(Stored data)
____

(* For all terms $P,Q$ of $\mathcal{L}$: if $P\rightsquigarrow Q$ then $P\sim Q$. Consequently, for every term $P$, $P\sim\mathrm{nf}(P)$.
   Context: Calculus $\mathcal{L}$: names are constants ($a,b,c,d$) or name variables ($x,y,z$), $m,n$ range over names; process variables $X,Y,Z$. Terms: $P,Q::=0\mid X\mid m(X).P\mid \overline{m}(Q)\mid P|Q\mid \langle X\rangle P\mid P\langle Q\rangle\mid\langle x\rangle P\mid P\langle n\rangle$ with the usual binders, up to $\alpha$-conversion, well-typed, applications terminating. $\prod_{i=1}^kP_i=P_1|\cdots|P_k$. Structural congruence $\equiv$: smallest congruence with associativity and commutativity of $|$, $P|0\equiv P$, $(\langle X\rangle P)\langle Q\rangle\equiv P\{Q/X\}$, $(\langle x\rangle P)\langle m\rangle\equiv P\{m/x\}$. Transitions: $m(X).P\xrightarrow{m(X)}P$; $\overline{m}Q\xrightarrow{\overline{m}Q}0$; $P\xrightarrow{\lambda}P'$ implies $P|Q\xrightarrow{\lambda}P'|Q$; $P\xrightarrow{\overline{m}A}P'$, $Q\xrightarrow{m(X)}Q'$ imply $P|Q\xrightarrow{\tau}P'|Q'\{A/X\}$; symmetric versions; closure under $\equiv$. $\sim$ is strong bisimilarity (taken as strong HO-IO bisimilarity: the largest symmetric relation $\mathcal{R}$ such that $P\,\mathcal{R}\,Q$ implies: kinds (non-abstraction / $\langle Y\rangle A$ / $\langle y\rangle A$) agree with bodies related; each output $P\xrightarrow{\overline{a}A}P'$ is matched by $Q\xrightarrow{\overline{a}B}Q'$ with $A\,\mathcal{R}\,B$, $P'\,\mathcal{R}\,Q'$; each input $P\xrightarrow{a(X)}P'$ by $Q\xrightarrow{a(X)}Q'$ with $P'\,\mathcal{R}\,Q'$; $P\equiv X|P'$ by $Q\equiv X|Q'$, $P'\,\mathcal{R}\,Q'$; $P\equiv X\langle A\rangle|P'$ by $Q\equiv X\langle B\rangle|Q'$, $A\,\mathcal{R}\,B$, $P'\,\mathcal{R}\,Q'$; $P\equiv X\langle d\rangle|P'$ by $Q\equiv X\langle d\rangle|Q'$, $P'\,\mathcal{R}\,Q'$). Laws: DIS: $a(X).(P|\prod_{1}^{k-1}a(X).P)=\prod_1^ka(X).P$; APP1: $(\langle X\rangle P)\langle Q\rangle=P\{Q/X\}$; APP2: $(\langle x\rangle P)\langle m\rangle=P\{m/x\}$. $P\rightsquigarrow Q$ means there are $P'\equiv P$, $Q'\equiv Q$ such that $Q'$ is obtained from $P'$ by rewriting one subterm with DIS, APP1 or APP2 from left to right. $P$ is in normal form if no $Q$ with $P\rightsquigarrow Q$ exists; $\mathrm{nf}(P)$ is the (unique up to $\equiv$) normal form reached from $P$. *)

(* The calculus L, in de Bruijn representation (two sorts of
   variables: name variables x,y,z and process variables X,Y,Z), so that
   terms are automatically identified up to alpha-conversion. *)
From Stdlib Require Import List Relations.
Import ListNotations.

____

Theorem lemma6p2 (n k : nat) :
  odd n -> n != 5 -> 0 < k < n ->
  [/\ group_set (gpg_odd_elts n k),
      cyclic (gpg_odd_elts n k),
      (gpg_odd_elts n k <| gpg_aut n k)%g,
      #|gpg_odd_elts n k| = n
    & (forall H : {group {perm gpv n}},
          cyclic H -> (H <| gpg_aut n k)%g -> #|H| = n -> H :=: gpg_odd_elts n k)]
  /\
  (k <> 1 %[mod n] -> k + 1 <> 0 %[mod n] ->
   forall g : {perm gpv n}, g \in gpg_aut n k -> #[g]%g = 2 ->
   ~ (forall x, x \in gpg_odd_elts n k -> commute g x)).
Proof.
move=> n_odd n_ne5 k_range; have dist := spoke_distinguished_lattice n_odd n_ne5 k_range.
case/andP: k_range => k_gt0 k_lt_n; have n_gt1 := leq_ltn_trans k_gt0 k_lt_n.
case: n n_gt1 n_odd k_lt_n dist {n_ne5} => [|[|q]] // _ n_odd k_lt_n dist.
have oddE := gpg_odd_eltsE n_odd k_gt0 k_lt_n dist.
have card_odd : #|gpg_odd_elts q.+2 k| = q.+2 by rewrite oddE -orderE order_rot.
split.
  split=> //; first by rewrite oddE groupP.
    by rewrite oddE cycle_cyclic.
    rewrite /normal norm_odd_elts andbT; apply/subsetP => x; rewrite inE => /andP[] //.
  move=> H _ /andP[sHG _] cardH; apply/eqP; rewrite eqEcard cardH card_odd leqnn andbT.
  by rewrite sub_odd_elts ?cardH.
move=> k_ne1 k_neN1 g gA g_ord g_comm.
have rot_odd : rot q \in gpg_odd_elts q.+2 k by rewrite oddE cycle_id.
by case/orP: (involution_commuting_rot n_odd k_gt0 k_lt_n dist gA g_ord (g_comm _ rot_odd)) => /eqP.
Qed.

____

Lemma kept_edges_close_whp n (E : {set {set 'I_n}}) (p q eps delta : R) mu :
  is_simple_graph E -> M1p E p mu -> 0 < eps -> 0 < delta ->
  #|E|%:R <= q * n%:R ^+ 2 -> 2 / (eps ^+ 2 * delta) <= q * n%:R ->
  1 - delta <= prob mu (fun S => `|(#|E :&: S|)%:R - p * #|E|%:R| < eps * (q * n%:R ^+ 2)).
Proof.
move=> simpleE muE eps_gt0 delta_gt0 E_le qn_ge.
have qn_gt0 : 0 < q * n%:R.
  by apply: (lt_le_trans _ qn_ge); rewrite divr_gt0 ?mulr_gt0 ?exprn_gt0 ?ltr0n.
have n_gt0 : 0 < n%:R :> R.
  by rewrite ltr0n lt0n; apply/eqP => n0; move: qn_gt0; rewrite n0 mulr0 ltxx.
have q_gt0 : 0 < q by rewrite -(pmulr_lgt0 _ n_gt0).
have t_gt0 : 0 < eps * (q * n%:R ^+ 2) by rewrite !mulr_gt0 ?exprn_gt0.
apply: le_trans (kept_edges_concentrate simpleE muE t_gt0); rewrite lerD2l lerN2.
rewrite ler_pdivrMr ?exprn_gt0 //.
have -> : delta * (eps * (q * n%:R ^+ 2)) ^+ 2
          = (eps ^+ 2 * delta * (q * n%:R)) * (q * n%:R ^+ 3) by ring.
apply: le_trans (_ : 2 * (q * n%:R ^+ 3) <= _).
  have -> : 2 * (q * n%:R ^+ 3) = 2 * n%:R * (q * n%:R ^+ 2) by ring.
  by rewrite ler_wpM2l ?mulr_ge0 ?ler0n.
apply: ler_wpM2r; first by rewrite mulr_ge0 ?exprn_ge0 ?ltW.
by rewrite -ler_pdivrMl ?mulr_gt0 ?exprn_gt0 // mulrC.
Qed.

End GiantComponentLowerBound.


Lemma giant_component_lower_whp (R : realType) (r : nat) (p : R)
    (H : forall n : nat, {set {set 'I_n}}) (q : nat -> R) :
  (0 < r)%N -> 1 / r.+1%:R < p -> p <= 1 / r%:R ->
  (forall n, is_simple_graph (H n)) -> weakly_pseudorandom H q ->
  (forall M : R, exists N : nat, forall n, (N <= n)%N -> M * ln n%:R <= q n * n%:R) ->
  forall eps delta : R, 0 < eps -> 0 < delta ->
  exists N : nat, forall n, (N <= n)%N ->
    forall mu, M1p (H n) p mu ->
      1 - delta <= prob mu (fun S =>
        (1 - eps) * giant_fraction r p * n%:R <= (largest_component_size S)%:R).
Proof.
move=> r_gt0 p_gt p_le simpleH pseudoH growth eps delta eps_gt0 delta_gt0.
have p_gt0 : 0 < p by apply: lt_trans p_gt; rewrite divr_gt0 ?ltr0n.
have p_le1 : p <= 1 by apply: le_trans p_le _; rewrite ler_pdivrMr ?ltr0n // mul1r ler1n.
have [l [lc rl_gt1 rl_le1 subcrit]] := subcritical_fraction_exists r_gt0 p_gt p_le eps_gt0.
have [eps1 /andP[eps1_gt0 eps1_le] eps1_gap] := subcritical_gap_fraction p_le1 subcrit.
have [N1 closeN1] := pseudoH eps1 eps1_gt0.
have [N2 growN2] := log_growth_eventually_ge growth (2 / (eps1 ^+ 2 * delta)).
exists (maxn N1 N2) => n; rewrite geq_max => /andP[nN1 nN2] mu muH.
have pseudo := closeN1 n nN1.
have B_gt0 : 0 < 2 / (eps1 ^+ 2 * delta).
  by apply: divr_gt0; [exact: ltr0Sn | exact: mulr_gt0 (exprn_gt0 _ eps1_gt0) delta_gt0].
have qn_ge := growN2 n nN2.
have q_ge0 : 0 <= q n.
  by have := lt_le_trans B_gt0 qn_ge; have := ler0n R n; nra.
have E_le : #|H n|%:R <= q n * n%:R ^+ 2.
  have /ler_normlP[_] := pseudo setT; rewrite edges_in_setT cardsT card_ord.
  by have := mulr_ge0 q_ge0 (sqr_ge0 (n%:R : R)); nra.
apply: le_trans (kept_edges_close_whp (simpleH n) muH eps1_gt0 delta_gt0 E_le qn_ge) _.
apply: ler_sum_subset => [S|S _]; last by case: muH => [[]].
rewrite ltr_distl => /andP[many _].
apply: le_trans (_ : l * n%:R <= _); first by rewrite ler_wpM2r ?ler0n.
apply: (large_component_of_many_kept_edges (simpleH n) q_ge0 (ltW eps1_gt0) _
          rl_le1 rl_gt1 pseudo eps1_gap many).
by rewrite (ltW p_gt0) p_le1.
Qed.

____

*What to do*: What you give back should be exactly the lines of the data above from the line with "move=> simpleE muE" through the line with "(forall M : R, exists", both of those included, and nothing more.

*Result of the task*:
move=> simpleE muE eps_gt0 delta_gt0 E_le qn_ge.
have qn_gt0 : 0 < q * n%:R.
  by apply: (lt_le_trans _ qn_ge); rewrite divr_gt0 ?mulr_gt0 ?exprn_gt0 ?ltr0n.
have n_gt0 : 0 < n%:R :> R.
  by rewrite ltr0n lt0n; apply/eqP => n0; move: qn_gt0; rewrite n0 mulr0 ltxx.
have q_gt0 : 0 < q by rewrite -(pmulr_lgt0 _ n_gt0).
have t_gt0 : 0 < eps * (q * n%:R ^+ 2) by rewrite !mulr_gt0 ?exprn_gt0.
apply: le_trans (kept_edges_concentrate simpleE muE t_gt0); rewrite lerD2l lerN2.
rewrite ler_pdivrMr ?exprn_gt0 //.
have -> : delta * (eps * (q * n%:R ^+ 2)) ^+ 2
          = (eps ^+ 2 * delta * (q * n%:R)) * (q * n%:R ^+ 3) by ring.
apply: le_trans (_ : 2 * (q * n%:R ^+ 3) <= _).
  have -> : 2 * (q * n%:R ^+ 3) = 2 * n%:R * (q * n%:R ^+ 2) by ring.
  by rewrite ler_wpM2l ?mulr_ge0 ?ler0n.
apply: ler_wpM2r; first by rewrite mulr_ge0 ?exprn_ge0 ?ltW.
by rewrite -ler_pdivrMl ?mulr_gt0 ?exprn_gt0 // mulrC.
Qed.

End GiantComponentLowerBound.


Lemma giant_component_lower_whp (R : realType) (r : nat) (p : R)
    (H : forall n : nat, {set {set 'I_n}}) (q : nat -> R) :
  (0 < r)%N -> 1 / r.+1%:R < p -> p <= 1 / r%:R ->
  (forall n, is_simple_graph (H n)) -> weakly_pseudorandom H q ->
  (forall M : R, exists N : nat, forall n, (N <= n)%N -> M * ln n%:R <= q n * n%:R) ->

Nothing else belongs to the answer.